The Cloud and Appliances

Do Managed Service Providers Provide Adequate Security for LANs/WANs?
By Frank J. Ohlhorst June 25, 2011 10:34 PM
Table Of Contents
  • 2. The Cloud and Appliances
2. The Cloud and Appliances

Some companies, as a matter of fact, are already using managed Cloud-based security services without even realizing it. Case in point: securing email.  Many products actually use a Cloud-based service to secure email, filter spam, scan for viruses and quarantine malware.  That is especially true if you are using a hosted email solution; and sometimes true when not.

For example, some of the appliance-based solutions actually work with remote scanning engines to protect email—in effect the security function is happening in the Cloud. Why am I mentioning this? Simply put, it shows that some security services deserve to be in the cloud.  They work very well when they, like email, must traverse the cloud with little latency.

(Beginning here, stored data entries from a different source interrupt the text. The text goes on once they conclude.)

(* Let $k$ be an algebraically closed field and let $A$ be a connected basic finite dimensional $k$-algebra which does not have a non-trivial grading. Then the (Gabriel) quiver of $A$ has exactly one vertex.
   Context: A grading on $A$ is a decomposition $A=\bigoplus_{i\in\mathbb{Z}}A_i$ into subspaces with $A_iA_j\subseteq A_{i+j}$ for all $i,j\in\mathbb{Z}$. The trivial grading is $A_0=A$; a grading is non-trivial if $A_i\neq 0$ for some $i\neq 0$. Here ''$A$ has a non-trivial grading'' means there is a non-trivial grading on an algebra isomorphic to $A$. Connected means $A$ is indecomposable as an algebra. *)

From HB Require Import structures.
From mathcomp Require Import all_boot all_order all_algebra all_field.
Set Implicit Arguments. Unset Strict Implicit. Unset Printing Implicit Defensive.
Import GRing.Theory.
Local Open Scope ring_scope.

(* Finite dimensional algebras over a field F are MathComp's [falgType F]
   (unital, associative, finite dimensional, nonzero). *)
Section FinDimAlgebras.
Variables (F : fieldType) (A : falgType F).

(* A Z-grading: A = (+)_{i in Z} A_i with A_i A_j <= A_(i+j).  Since A is
   finite dimensional only finitely many A_i are nonzero; S lists the
   (candidate) nonzero degrees. *)
Definition is_Zgrading (V : int -> {vspace A}) : Prop :=
  exists S : seq int,
    [/\ uniq S,
        (forall i, i \notin S -> V i = 0%VS),
        (\sum_(i <- S) V i)%VS = fullv,
        directv (\sum_(i <- S) V i)
      & (forall (i j : int) (u v : A), u \in V i -> v \in V j -> u * v \in V (i + j))].

Definition nontrivial_grading (V : int -> {vspace A}) : Prop :=
  exists i : int, i != 0 /\ V i != 0%VS.

Definition has_nontrivial_grading : Prop :=
  exists V, is_Zgrading V /\ nontrivial_grading V.

Definition is_ideal (I : {vspace A}) : Prop :=
  forall a x, x \in I -> (a * x \in I) /\ (x * a \in I).

(* connected = indecomposable as an algebra: A is not the (internal) direct
   product of two nonzero two-sided ideals. *)
Definition connected_alg : Prop :=
  forall I J : {vspace A}, is_ideal I -> is_ideal J ->
    (I + J)%VS = fullv -> (I :&: J)%VS = 0%VS -> I = 0%VS \/ J = 0%VS.

(* Jacobson radical (standard element-wise characterisation). *)
Definition in_rad (x : A) : Prop := forall a : A, (1 - a * x) \is a GRing.unit.

(* basic: A / rad A is isomorphic to k x ... x k (n copies), i.e. there are
   n unital algebra maps phi_i : A -> k such that (phi_1,...,phi_n) : A -> k^n
   is surjective with kernel rad A. *)
Definition basic_alg : Prop :=
  exists (n : nat) (phi : 'I_n -> A -> F),
    [/\ (forall i (c : F) (a b : A), phi i (c *: a + b) = c * phi i a + phi i b),
        (forall i (a b : A), phi i (a * b) = phi i a * phi i b),
        (forall i, phi i 1 = 1),
        (forall c : 'I_n -> F, exists a : A, forall i, phi i a = c i)
      & (forall a : A, (forall i, phi i a = 0) <-> in_rad a)].

Definition idem (e : A) : Prop := e * e = e.

Definition primitive_idem (e : A) : Prop :=
  idem e /\ e != 0 /\
  forall e1 e2 : A, idem e1 -> idem e2 -> e1 * e2 = 0 -> e2 * e1 = 0 ->
    e = e1 + e2 -> e1 = 0 \/ e2 = 0.

Definition complete_primitive_set (s : seq A) : Prop :=
  [/\ (forall i, (i < size s)%N -> primitive_idem s`_i),
      (forall i j, (i < size s)%N -> (j < size s)%N -> i != j -> s`_i * s`_j = 0)
    & \sum_(e <- s) e = 1].

(* For a basic algebra A the vertices of its Gabriel quiver Q_A are in
   bijection with the members of a complete set of primitive orthogonal
   idempotents.  "Q_A has exactly n vertices": *)
Definition quiver_num_vertices (n : nat) : Prop :=
  (exists s, complete_primitive_set s /\ size s = n) /\
  (forall s, complete_primitive_set s -> size s = n).

End FinDimAlgebras.

From HB Require Import structures.
From mathcomp Require Import all_boot all_order all_algebra all_field.
Set Implicit Arguments. Unset Strict Implicit. Unset Printing Implicit Defensive.
Import GRing.Theory.
Local Open Scope ring_scope.
(* A connected algebra without non-trivial grading has no idempotents other
   than 0 and 1, so [:: 1] is its only complete set of primitive
   orthogonal idempotents.  Integer weights on a complete set of orthogonal
   idempotents (e_i) grade A: e_i A e_j gets degree w_j - w_i.  For an
   idempotent e with f = 1 - e, weights 1 on e and 0 on f put fAe in degree 1
   and eAf in degree -1; as no such grading is non-trivial, eAf = fAe = 0.
   Then e is central, A = eAe (+) fAf is a product of two ideals, and
   connectedness forces e = 0 or e = 1. *)

Section PeirceSpaces.
Variables (F : fieldType) (A : falgType F).

Definition peirce (a b : A) : {vspace A} := limg (amull a \o amulr b)%VF.

Lemma peirce_corner (a b x : A) : a * x * b \in peirce a b.
Proof.
have -> : a * x * b = (amull a \o amulr b)%VF x by rewrite comp_lfunE !lfunE /= mulrA.
exact/memv_img/memvf.
Qed.

Lemma memv_peirce (a b x : A) :
  idem a -> idem b -> reflect (a * x * b = x) (x \in peirce a b).
Proof.
move=> aa bb; apply: (iffP memv_imgP) => [[u _ ->]|<-]; last first.
  by exists x; rewrite ?memvf // comp_lfunE !lfunE /= mulrA.
by rewrite comp_lfunE !lfunE /= !mulrA aa -mulrA bb.
Qed.

Section OrthogonalIdempotents.
Variables (I : finType) (e : I -> A).
Hypotheses (mul_e : forall i j, e i * e j = if i == j then e i else 0)
           (sum_e : \sum_i e i = 1).

Lemma peirce_decomposition x : x = \sum_(ij : I * I) e ij.1 * x * e ij.2.
Proof.
rewrite -(pair_bigA _ (fun i j => e i * x * e j)) /=.
rewrite -{1}[x]mulr1 -{1}[x]mul1r -sum_e !mulr_suml.
by apply: eq_bigr => i _; rewrite mulr_sumr.
Qed.

Lemma corner_corner i j k l x :
  e i * (e k * x * e l) * e j = if (i == k) && (l == j) then e k * x * e l else 0.
Proof.
rewrite !mulrA -(mulrA _ (e l)) (mul_e l) (mul_e i).
by case: eqP => [->|]; case: eqP => [->|] //= _; rewrite !(mulr0, mul0r).
Qed.

Lemma idem_e i : idem (e i).
Proof. by rewrite /idem mul_e eqxx. Qed.

Variable w : I -> int.

Definition peirce_degree (ij : I * I) : int := w ij.2 - w ij.1.

Definition weight_grading (n : int) : {vspace A} :=
  (\sum_(ij | peirce_degree ij == n) peirce (e ij.1) (e ij.2))%VS.

Definition weight_degrees : seq int := undup (codom peirce_degree).

Lemma peirce_degreeD i j k :
  peirce_degree (i, k) + peirce_degree (k, j) = peirce_degree (i, j).
Proof. by rewrite /peirce_degree /= addrC addrA subrK. Qed.

Lemma corner_weight_grading ij x :
  e ij.1 * x * e ij.2 \in weight_grading (peirce_degree ij).
Proof.
have /subvP : (peirce (e ij.1) (e ij.2) <= weight_grading (peirce_degree ij))%VS.
  exact: (sumv_sup ij).
by apply; apply: peirce_corner.
Qed.

Lemma weight_gradingP n u :
  reflect (forall ij, peirce_degree ij != n -> e ij.1 * u * e ij.2 = 0)
          (u \in weight_grading n).
Proof.
apply: (iffP memv_sumP) => [[us us_peirce ->] [i j] /= ij_n | corner0].
  rewrite mulr_sumr mulr_suml big1 // => [[k l]] /= kl_n.
  have /memv_peirce-/(_ (idem_e k) (idem_e l)) <- := us_peirce _ kl_n.
  rewrite corner_corner; case: ifP => // /andP[/eqP ik /eqP lj].
  by rewrite ik -lj kl_n in ij_n.
exists (fun ij => e ij.1 * u * e ij.2) => [ij _|]; first exact: peirce_corner.
rewrite {1}[u]peirce_decomposition (bigID (fun ij => peirce_degree ij == n)) /=.
by rewrite [X in _ + X]big1 ?addr0 // => ij /corner0.
Qed.

Lemma weight_grading_mul m n u v :
  u \in weight_grading m -> v \in weight_grading n -> u * v \in weight_grading (m + n).
Proof.
move=> /weight_gradingP u_m /weight_gradingP v_n.
apply/weight_gradingP => -[i j] /= ij_mn.
have -> : e i * (u * v) * e j = e i * u * (\sum_k e k) * (v * e j).
  by rewrite sum_e mulr1 !mulrA.
rewrite mulr_sumr mulr_suml big1 // => k _.
rewrite -(idem_e k).
have -> : e i * u * (e k * e k) * (v * e j) = (e i * u * e k) * (e k * v * e j).
  by rewrite !mulrA.
have [ik_m|/u_m/= ->] := eqVneq (peirce_degree (i, k)) m; last by rewrite mul0r.
rewrite (v_n (k, j)) ?mulr0 //; apply: contra ij_mn => /eqP kj_n.
by rewrite -(peirce_degreeD i j k) ik_m kj_n.
Qed.

Lemma weight_grading_full : (\sum_(n <- weight_degrees) weight_grading n)%VS = fullv.
Proof.
apply/vspaceP => x; rewrite memvf [x]peirce_decomposition.
apply: memv_suml => ij _; have /subvP : (weight_grading (peirce_degree ij) <=
    \sum_(n <- weight_degrees) weight_grading n)%VS.
  by rewrite (bigD1_seq (peirce_degree ij)) ?undup_uniq ?mem_undup ?codom_f ?addvSl.
by apply; apply: corner_weight_grading.
Qed.

Lemma weight_grading_sum_corner0 r m u ij :
  m \notin r -> u \in (\sum_(n <- r) weight_grading n)%VS ->
  peirce_degree ij = m -> e ij.1 * u * e ij.2 = 0.
Proof.
move=> + + ij_m; elim: r u => [|n r IH] u.
  by rewrite big_nil memv0 => _ /eqP->; rewrite mulr0 mul0r.
rewrite big_cons in_cons negb_or => /andP[m_n m_r] /memv_addP[u1 u1_n [u2 u2_r ->]].
rewrite mulrDr mulrDl (IH u2) // addr0; apply: (weight_gradingP _ _ u1_n).
by rewrite ij_m.
Qed.

Lemma dim_weight_grading_sum r : uniq r ->
  \dim (\sum_(n <- r) weight_grading n) = \sum_(n <- r) \dim (weight_grading n).
Proof.
elim: r => [|n r IH]; first by rewrite !big_nil dimv0.
rewrite /= => /andP[n_r r_uniq]; rewrite !big_cons -IH //.
apply: dimv_disjoint_sum; apply/eqP; rewrite -subv0; apply/subvP => u.
case/memv_capP => u_n u_r; rewrite memv0 [u]peirce_decomposition big1 // => ij _.
have [ij_n|] := eqVneq (peirce_degree ij) n; last exact: (weight_gradingP _ _ u_n).
exact: weight_grading_sum_corner0 n_r u_r ij_n.
Qed.

Lemma weight_grading_is_Zgrading : is_Zgrading weight_grading.
Proof.
exists weight_degrees; split.
- exact: undup_uniq.
- move=> n n_deg; apply: big_pred0 => ij; apply/negbTE; apply: contraNneq n_deg => <-.
  by rewrite mem_undup codom_f.
- exact: weight_grading_full.
- by rewrite directvE /= dim_weight_grading_sum ?undup_uniq.
- exact: weight_grading_mul.
Qed.

End OrthogonalIdempotents.
End PeirceSpaces.

Section ComplementaryIdempotents.
Variables (F : fieldType) (A : falgType F) (e : A).
Hypothesis e_idem : idem e.

Definition idem_split (b : bool) : A := if b then e else 1 - e.

Lemma mul_idem_split b c :
  idem_split b * idem_split c = if b == c then idem_split b else 0.
Proof.
have eE : e * e = e := e_idem.
by case: b; case: c; rewrite /= ?mulrBl ?mulrBr ?mul1r ?mulr1 eE ?subrr ?subr0.
Qed.

Lemma sum_idem_split : \sum_b idem_split b = 1.
Proof. by rewrite big_bool /= addrC subrK. Qed.

Lemma ungraded_idem_central :
  ~ has_nontrivial_grading A -> forall a, e * a = a * e.
Proof.
move=> ungraded a; pose w (b : bool) : int := b.
have grV := weight_grading_is_Zgrading mul_idem_split sum_idem_split w.
have corner0 b c x : b != c -> idem_split b * x * idem_split c = 0.
  move=> bc; have deg_nz : peirce_degree w (b, c) != 0 by case: b c bc => -[].
  apply/eqP; rewrite -memv0.
  have [<-|V_nz] := eqVneq (weight_grading idem_split w (peirce_degree w (b, c))) 0%VS.
    exact: (corner_weight_grading idem_split w (b, c)).
  case: ungraded; exists (weight_grading idem_split w); split; first exact: grV.
  by exists (peirce_degree w (b, c)).
have /eqP := corner0 true false a isT; rewrite /= mulrBr mulr1 subr_eq0 => /eqP ->.
by have /eqP := corner0 false true a isT; rewrite /= !mulrBl !mul1r subr_eq0 => /eqP.
Qed.

End ComplementaryIdempotents.

Section CentralIdempotents.
Variables (F : fieldType) (A : falgType F).

Lemma central_idem_peirce_ideal (c : A) :
  idem c -> (forall a, c * a = a * c) -> is_ideal (peirce c c).
Proof.
move=> c_idem c_central a x /memv_peirce-/(_ c_idem c_idem) x_cc.
have cx : c * x = x by rewrite -x_cc !mulrA c_idem.
have xc : x * c = x by rewrite -x_cc -mulrA c_idem.
split; apply/memv_peirce => //.
  by rewrite -mulrA -(mulrA a) xc c_central -mulrA xc.
by rewrite mulrA cx -mulrA -c_central mulrA xc.
Qed.

Lemma connected_central_idem (e : A) :
  connected_alg A -> idem e -> (forall a, e * a = a * e) -> e = 0 \/ e = 1.
Proof.
move=> connected e_idem e_central.
have f_idem : idem (1 - e) := mul_idem_split e_idem false false.
have f_central a : (1 - e) * a = a * (1 - e) by rewrite mulrBl mulrBr mul1r mulr1 e_central.
have corner_id c x : idem c -> (forall a, c * a = a * c) -> c * x * c = c * x.
  by move=> c_idem c_central; rewrite -mulrA -c_central mulrA c_idem.
have [||eAe0|fAf0] := connected _ _ (central_idem_peirce_ideal e_idem e_central)
                                   (central_idem_peirce_ideal f_idem f_central).
- apply/vspaceP => x; rewrite memvf; apply/memv_addP.
  exists (e * x * e); first exact: peirce_corner.
  exists ((1 - e) * x * (1 - e)); first exact: peirce_corner.
  by rewrite !corner_id // mulrBl mul1r addrC subrK.
- apply/eqP; rewrite -subv0; apply/subvP => x /memv_capP[].
  move=> /memv_peirce-/(_ e_idem e_idem) <- /memv_peirce-/(_ f_idem f_idem) <-.
  have fe : (1 - e) * e = 0 := mul_idem_split e_idem false true.
  by rewrite memv0 !mulrA fe !mul0r.
- by left; apply/eqP; rewrite -memv0 -eAe0; apply/memv_peirce; rewrite ?e_idem.
- right; apply/eqP; rewrite eq_sym -subr_eq0 -memv0 -fAf0.
  by apply/memv_peirce; rewrite ?f_idem.
Qed.

End CentralIdempotents.

Section TrivialIdempotents.
Variables (F : fieldType) (A : falgType F).
Hypothesis idem01 : forall e : A, idem e -> e = 0 \/ e = 1.

Lemma primitive_idem1 : primitive_idem (1 : A).
Proof.
split; first exact: mulr1; split; first exact: oner_neq0.
move=> e1 e2 /idem01[-> *|-> _ e2_0 _ _]; first by left.
by right; rewrite -e2_0 mul1r.
Qed.

Lemma complete_primitive_set1 : complete_primitive_set [:: 1 : A].
Proof.
split=> [[|] // _|[|] [|] //|]; first exact: primitive_idem1.
by rewrite big_seq1.
Qed.

Lemma size_complete_primitive_set (s : seq A) :
  complete_primitive_set s -> size s = 1%N.
Proof.
case: s => [|e0 [|e1 s]] [primitive orthogonal sum1] //.
  by move: sum1; rewrite big_nil => /eqP; rewrite eq_sym oner_eq0.
have [e0_idem [e0_nz _]] := primitive 0%N isT.
have [_ [e1_nz _]] := primitive 1%N isT.
case: (idem01 e0_idem) => e0E; first by rewrite e0E eqxx in e0_nz.
by move: e1_nz; rewrite /= -[e1]mulr1 -e0E (orthogonal 1%N 0%N) ?eqxx.
Qed.

End TrivialIdempotents.

Lemma connected_ungraded_idem (F : fieldType) (A : falgType F) (e : A) :
  connected_alg A -> ~ has_nontrivial_grading A -> idem e -> e = 0 \/ e = 1.
Proof.
move=> connected ungraded e_idem.
exact: connected_central_idem connected e_idem (ungraded_idem_central e_idem ungraded).
Qed.

Theorem mainTheorem2 (k : closedFieldType) (A : falgType k) :
  connected_alg A -> basic_alg A -> ~ has_nontrivial_grading A ->
  quiver_num_vertices A 1.
Proof.
move=> connected _ ungraded.
have idem01 e := @connected_ungraded_idem _ _ e connected ungraded.
split; first by exists [:: 1]; split; first exact: complete_primitive_set1 idem01.
exact: size_complete_primitive_set idem01.
Qed.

Here’s the $64,000 question, however: What if the traffic is not just email?  What about other internet traffic, such as secured and non-secured browsing, applications or any other number of internet usage scenarios? Can they be protected via a hosted-security model?

Several vendors think so.  Some are purely Cloud-based entities.  Others leverage a hybrid approach of putting an appliance onsite to reduce latency and accelerate WAN traffic, while doing the hardcore security processing in the Cloud across server farms located in remote datacenters.

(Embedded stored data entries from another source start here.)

(* Let $W\ge2$, $B>0$, $\delta>0$ and $1\le k\le L$. Let $F_k,G_k\in\Phi_k(L,W,S,B)$ have weights and biases with $\|\mathcal W_F^{(l)}-\mathcal W_G^{(l)}\|_{\infty,\infty}\le\delta$ and $\|b_F^{(l)}-b_G^{(l)}\|_\infty\le\delta$ for all $1\le l\le k$. Then $$\sup_{x\in\Omega}\|J[F_k](x)-J[G_k](x)\|_\infty\le\delta\,W^{\frac{3^{k-1}-1}{2}}(B\vee d)^{\frac{5\cdot3^{k-1}-1}{2}}\,2^{\frac{3^k-1}{2}-k+1}\,3^{2k-2}.$$ In particular, for $k=L$, $$\sup_{x\in\Omega}\Big|\|\nabla F_L(x)\|-\|\nabla G_L(x)\|\Big|\le\delta\,W^{\frac{3^{L-1}-1}{2}}(B\vee d)^{\frac{5\cdot3^{L-1}-1}{2}}\,2^{\frac{3^L-1}{2}-L+1}\,3^{2L-2}.$$
   Context: $\Omega=[0,1]^d$, $B\vee d=\max\{B,d\}$. $\eta_3(t)=\max\{t,0\}^3$ applied componentwise. Given weights $\mathcal W^{(1)}\in\mathbb R^{W\times d}$, $\mathcal W^{(l)}\in\mathbb R^{W\times W}$ ($1<l<L$), $\mathcal W^{(L)}\in\mathbb R^{1\times W}$ and biases $b^{(l)}$ of matching sizes, all entries of absolute value at most $B$ and with at most $S$ nonzero entries in total, define $F_1(x)=\mathcal W^{(1)}x+b^{(1)}$ and $F_k(x)=\mathcal W^{(k)}\eta_3(F_{k-1}(x))+b^{(k)}$ for $2\le k\le L$; $\Phi_k(L,W,S,B)$ is the set of all such $F_k$. $J[F_k](x)$ is the Jacobian of $F_k$ at $x$; for a matrix $A$, $\|A\|_\infty$ is the maximum absolute row sum and $\|A\|_{\infty,\infty}$ the maximum absolute entry; $\|\cdot\|_\infty$ on vectors is the maximum absolute entry and $\|\cdot\|$ the Euclidean norm. *)

From HB Require Import structures.
From mathcomp Require Import all_boot all_order all_algebra.
From mathcomp Require Import all_classical all_reals all_analysis.
Set Implicit Arguments. Unset Strict Implicit. Unset Printing Implicit Defensive.
Import Order.TTheory GRing.Theory Num.Theory.
Import numFieldNormedType.Exports.
Local Open Scope ring_scope.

For SMBs, it comes down to a case of pay now or pay later. If a small business uses Cloud-based applications and servers—or, more appropriately, Infrastructure as a Service—then relying on a Cloud-based security provider, such as CloudPassage makes a great deal of sense. The advantages include low upfront costs, easier management and the ability to shift the technical burden (and perhaps blame) to an external party.

However, there is a price to pay beyond a dollar value.  That price comes in the form of latency, bandwidth limitations and processing overhead. The trick here is to understand how much of your traffic actually traverses the Cloud, as opposed to how much traffic moves within your LAN.

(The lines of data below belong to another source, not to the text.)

(* For $n\ge1$ let $\psi_n(x)=\sum_{i\in\mathbb Z}\phi_n(x-i)^2$, $x\in\mathbb R$, where $\phi_n$ is the basic limit function of $S_n$. Then $\psi_n$ is positive, symmetric ($\psi_n(-x)=\psi_n(x)$), and periodic with period $1$. Moreover $\int_0^1\psi_n(x)\,dx$ is of order $1/n$, i.e. $\int_0^1\psi_n(x)\,dx\sim 1/n$, and there is a real constant $C$, independent of $n$, such that $\|\psi_n\|_\infty\le C/n$ for all $n\ge1$.
   Context: For an integer $n\ge1$, the subdivision scheme $S_n$ acts on real sequences $\mathbf f^k=(f^k_i)_{i\in\mathbb Z}$ (the value $f^k_i$ being associated with the dyadic point $2^{-k}i$) by the refinement rules $$f^{k+1}_{2i}=\frac1{2n-1}\sum_{j=-n+1}^{n-1}f^k_{i+j},\qquad f^{k+1}_{2i+1}=\frac1{2n}\sum_{j=-n+1}^{n}f^k_{i+j}.$$ This scheme is convergent (for bounded initial data the values $f^k_i$ converge uniformly to $F(2^{-k}i)$ for a continuous $F$). The basic limit function $\phi_n$ is the limit function generated from $\delta$ ($\delta_0=1$, $\delta_i=0$ otherwise); it is continuous and supported in $[-2n+1,2n-1]$, so the sum defining $\psi_n$ is finite. *)

From Stdlib Require Import Reals ZArith Lia Lra.
From Coquelicot Require Import Coquelicot.
Open Scope R_scope.

Fixpoint sum_up (m : nat) (g : nat -> R) : R :=
  match m with
  | O => 0
  | S m' => sum_up m' g + g m'
  end.

Definition sumZ (a b : Z) (g : Z -> R) : R :=
  sum_up (Z.to_nat (b - a + 1)) (fun k => g (a + Z.of_nat k)%Z).

(* One step of the scheme S_n: index j of the new sequence, with
   j = 2i (even) or j = 2i+1 (odd); in both cases i = floor(j/2). *)
Definition refine_step (n : nat) (f : Z -> R) : Z -> R :=
  fun j =>
    let i := (j / 2)%Z in
    let nz := Z.of_nat n in
    if Z.even j
    then / (2 * INR n - 1) * sumZ (- nz + 1) (nz - 1) (fun l => f (i + l)%Z)
    else / (2 * INR n) * sumZ (- nz + 1) nz (fun l => f (i + l)%Z).

Definition delta (i : Z) : R := if Z.eqb i 0 then 1 else 0.

Fixpoint subdiv (n k : nat) : Z -> R :=
  match k with
  | O => delta
  | S k' => refine_step n (subdiv n k')
  end.

Definition is_basic_limit (n : nat) (F : R -> R) : Prop :=
  (forall x, continuous F x) /\
  forall eps, 0 < eps -> exists K : nat, forall k, (K <= k)%nat ->
    forall i : Z, Rabs (subdiv n k i - F (IZR i / 2 ^ k)) < eps.

(* psi(x) = sum_{i in Z} F(x - i)^2, written as a series over nat:
   index k contributes i = k and i = -(k+1). *)
Definition psi (F : R -> R) (x : R) : R :=
  Series (fun k : nat => (F (x - INR k))^2 + (F (x + INR k + 1))^2).

(* The mask of S_n is a nonnegative partition of unity.  Each refinement step averages
   2n-1 or 2n old values, so after one step all values lie in [0, 1/(2n-1)], the support of
   subdiv n k stays within 2n 2^k, and its translates by multiples of 2^k still sum to 1.
   These properties pass to the limit: 0 <= phi_n <= 1/(2n-1), phi_n vanishes outside
   (-2n, 2n), phi_n is even, and sum_j phi_n(x - j) = 1.  For each x at most 4n of the
   phi_n(x - j) are nonzero, so Cauchy-Schwarz gives psi_n(x) >= 1/(4n), while
   psi_n(x) <= max phi_n * sum_j phi_n(x - j) <= 1/(2n-1) <= 1/n. *)

From Stdlib Require Import Reals ZArith Lia Lra.
From Coquelicot Require Import Coquelicot.
Open Scope R_scope.

Lemma sum_up_ext m f g : (forall k, (k < m)%nat -> f k = g k) -> sum_up m f = sum_up m g.
Proof.
  induction m as [|m IH]; intros H; simpl; auto.
  rewrite IH by (intros; apply H; lia). rewrite H by lia. reflexivity.
Qed.

Lemma sum_up_S_l m g : sum_up (S m) g = g 0%nat + sum_up m (fun k => g (S k)).
Proof. induction m as [|m IH]; simpl in *; [ring | rewrite IH; ring]. Qed.

Lemma sum_up_plus m f g : sum_up m (fun k => f k + g k) = sum_up m f + sum_up m g.
Proof. induction m as [|m IH]; simpl; [ring | rewrite IH; ring]. Qed.

Lemma sum_up_scal m c f : sum_up m (fun k => c * f k) = c * sum_up m f.
Proof. induction m as [|m IH]; simpl; [ring | rewrite IH; ring]. Qed.

Lemma sum_up_const m c : sum_up m (fun _ => c) = INR m * c.
Proof. induction m as [|m IH]; cbn [sum_up]; [simpl; ring | rewrite IH, S_INR; ring]. Qed.

Lemma sum_up_swap m p (F : nat -> nat -> R) :
  sum_up m (fun a => sum_up p (F a)) = sum_up p (fun b => sum_up m (fun a => F a b)).
Proof.
  induction m as [|m IH]; simpl.
  - rewrite sum_up_const; ring.
  - rewrite IH, <- sum_up_plus. reflexivity.
Qed.

Lemma sum_up_rev m F : sum_up m (fun k => F (m - 1 - k)%nat) = sum_up m F.
Proof.
  induction m as [|m IH] in F |- *; auto.
  rewrite (sum_up_S_l m F). cbn [sum_up]. rewrite Rplus_comm. f_equal.
  - f_equal; lia.
  - rewrite <- (IH (fun k => F (S k))). apply sum_up_ext; intros; f_equal; lia.
Qed.

Lemma sum_up_le m f g : (forall k, (k < m)%nat -> f k <= g k) -> sum_up m f <= sum_up m g.
Proof. induction m as [|m IH]; simpl; intros H; [lra | apply Rplus_le_compat; auto]. Qed.

Lemma sum_up_sqr_le m g : (sum_up m g) ^ 2 <= INR m * sum_up m (fun k => g k ^ 2).
Proof.
  induction m as [|m IH]; cbn [sum_up]; [simpl; lra|]. rewrite S_INR.
  set (s := sum_up m g) in *. set (q := sum_up m (fun k => g k ^ 2)) in *.
  assert (Hm : 0 <= INR m) by apply pos_INR.
  assert (Hq : 0 <= q).
  { unfold q. rewrite <- (Rmult_0_r (INR m)), <- sum_up_const.
    apply sum_up_le; intros; apply pow2_ge_0. }
  (* [m (2 s g_m) <= m (m g_m^2 + q)] since [s^2 <= m q]; then divide by [m] *)
  assert (Hcross : INR m * (2 * s * g m) <= INR m * (INR m * g m ^ 2 + q)).
  { pose proof (pow2_ge_0 (INR m * g m - s)). nra. }
  destruct (Rle_lt_or_eq_dec 0 (INR m) Hm) as [Hpos|Hzero].
  - apply Rmult_le_reg_l in Hcross; [nra | exact Hpos].
  - rewrite <- Hzero in *. assert (s = 0) as -> by nra. nra.
Qed.

Lemma sumZ_ext a b f g : (forall j, (a <= j <= b)%Z -> f j = g j) -> sumZ a b f = sumZ a b g.
Proof. intros H. apply sum_up_ext. intros. apply H. lia. Qed.

Lemma sumZ_eq0 a b g : (forall j, (a <= j <= b)%Z -> g j = 0) -> sumZ a b g = 0.
Proof.
  intros H. rewrite (sumZ_ext _ _ _ (fun _ => 0)) by exact H.
  unfold sumZ. rewrite sum_up_const. ring.
Qed.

All things considered, Security as a Service is a viable option for today’s small businesses. However, IT pros must vet these services and calculate the cost of latency, bandwidth and other elements before signing on the dotted line. For those that are uncomfortable with all of their traffic flying around on the Web (via secure tunnels to a SaaS provider), there are still plenty of locally installed on premise solutions, which can secure networks. But these require significantly more upkeep and high initial investments.